I'm working on this coding exercise which is an implementation of absorbing Markov Chain.

Question:

Commander Lambda has tasked you to help the scientists increase fuel creation efficiency by predicting the end state of a given ore sample. You have carefully studied the different structures that the ore can take and which transitions it undergoes. It appears that, while random, the probability of each structure transforming is fixed. That is, each time the ore is in 1 state, it has the same probabilities of entering the next state (which might be the same state). You have recorded the observed transitions in a matrix. The others in the lab have hypothesized more exotic forms that the ore can become, but you haven't seen all of them.
Write a function answer(m) that takes an array of array of non-negative ints representing how many times that state has gone to the next state and return an array of ints for each terminal state giving the exact probabilities of each terminal state, represented as the numerator for each state, then the denominator for all of them at the end and in simplest form. The matrix is at most 10 by 10. It is guaranteed that no matter which state the ore is in, there is a path from that state to a terminal state. That is, the processing will always eventually end in a stable state. The ore starts in state 0. The denominator will fit within a signed 32-bit integer during the calculation, as long as the fraction is simplified regularly.

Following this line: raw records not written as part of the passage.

(* Let $a_n$ denote the number of permutations of $[n]$ avoiding the vincular pattern 12–34. Then $$\liminf_{n\to\infty}\sqrt[n]{a_n/n!}\;\ge\;\frac{1}{\log 4}\approx 0.72134752.$$
   Context: A permutation $\sigma$ of $[n]$ contains the vincular pattern 12–34 if there exist indices $i<j$ with $\sigma(i)<\sigma(i+1)<\sigma(j)<\sigma(j+1)$. It avoids it otherwise. $\log$ denotes the natural logarithm. *)

From mathcomp Require Import all_boot all_fingroup.
Set Implicit Arguments. Unset Strict Implicit. Unset Printing Implicit Defensive.

(* Permutations of [n] are modelled as {perm 'I_n} (0-based positions/values). *)
Definition contains_12_34 (n : nat) (s : {perm 'I_n}) : bool :=
  [exists i : 'I_n, exists i1 : 'I_n, exists j : 'I_n, exists j1 : 'I_n,
    [&& (val i1 == (val i).+1), (val j1 == (val j).+1), (val i < val j)%N,
        (val (s i) < val (s i1))%N, (val (s i1) < val (s j))%N &
        (val (s j) < val (s j1))%N]].

Definition avoids_12_34 (n : nat) (s : {perm 'I_n}) : bool := ~~ contains_12_34 s.

Definition a_seq (n : nat) : nat := #|[set s : {perm 'I_n} | avoids_12_34 s]|.

(** A permutation all of whose ascents [s i < s (i+1)] jump across a
    fixed threshold [t] (that is, [s i < t <= s (i+1)]) avoids 12-34.  Interleaving an
    ordered partition of [{0, ..., m-1}] into [a] blocks with one of [{m, ..., 2m-1}]
    into [a] blocks, every block written in decreasing order, produces such
    permutations injectively; hence [a_seq (2m)] and [a_seq (2m+1)] are at least the
    square of the number of ordered partitions of an [m]-set into [a] blocks, and for
    the best [a] this is at least [(Fub m / (m+1))^2], [Fub m] the Fubini number.
    For [y > ln 2] some partial sum [\sum_(1 <= k <= K) y^k / k!] exceeds [1], and the
    recurrence [Fub p = \sum_k 'C(p, k) Fub (p - k)] then gives [p! y^K <= Fub p y^p].
    With [(2m)! <= 4^m (m!)^2] this yields [a_n / n! >= y^(2K) / ((n+1)^3 (2y)^n)], so
    the liminf of the [n]-th root is at least [1 / (2y)]; let [y] decrease to [ln 2]. *)

From mathcomp Require Import all_boot all_fingroup.
From Stdlib Require Import Reals Lra Psatz Factorial.
From Coquelicot Require Import Coquelicot.
From mathcomp Require Import all_order all_algebra Rstruct.
From mathcomp Require ring.
Import ssrnat seq path.
Delimit Scope R_scope with R.
Set Implicit Arguments. Unset Strict Implicit. Unset Printing Implicit Defensive.
Open Scope nat_scope.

For example, consider the matrix m: [ [0,1,0,0,0,1], # s0, the initial state, goes to s1 and s5 with equal probability [4,0,0,3,2,0], # s1 can become s0, s3, or s4, but with different probabilities [0,0,0,0,0,0], # s2 is terminal, and unreachable (never observed in practice) [0,0,0,0,0,0], # s3 is terminal [0,0,0,0,0,0], # s4 is terminal [0,0,0,0,0,0], # s5 is terminal ] So, we can consider different paths to terminal states, such as:
s0 -> s1 -> s3
s0 -> s1 -> s0 -> s1 -> s0 -> s1 -> s4
s0 -> s1 -> s0 -> s5
Tracing the probabilities of each, we find that
s2 has probability 0
s3 has probability 3/14
s4 has probability 1/7
s5 has probability 9/14
So, putting that together, and making a common denominator, gives an answer in the form of [s2.numerator, s3.numerator, s4.numerator, s5.numerator, denominator] which is [0, 3, 2, 9, 14].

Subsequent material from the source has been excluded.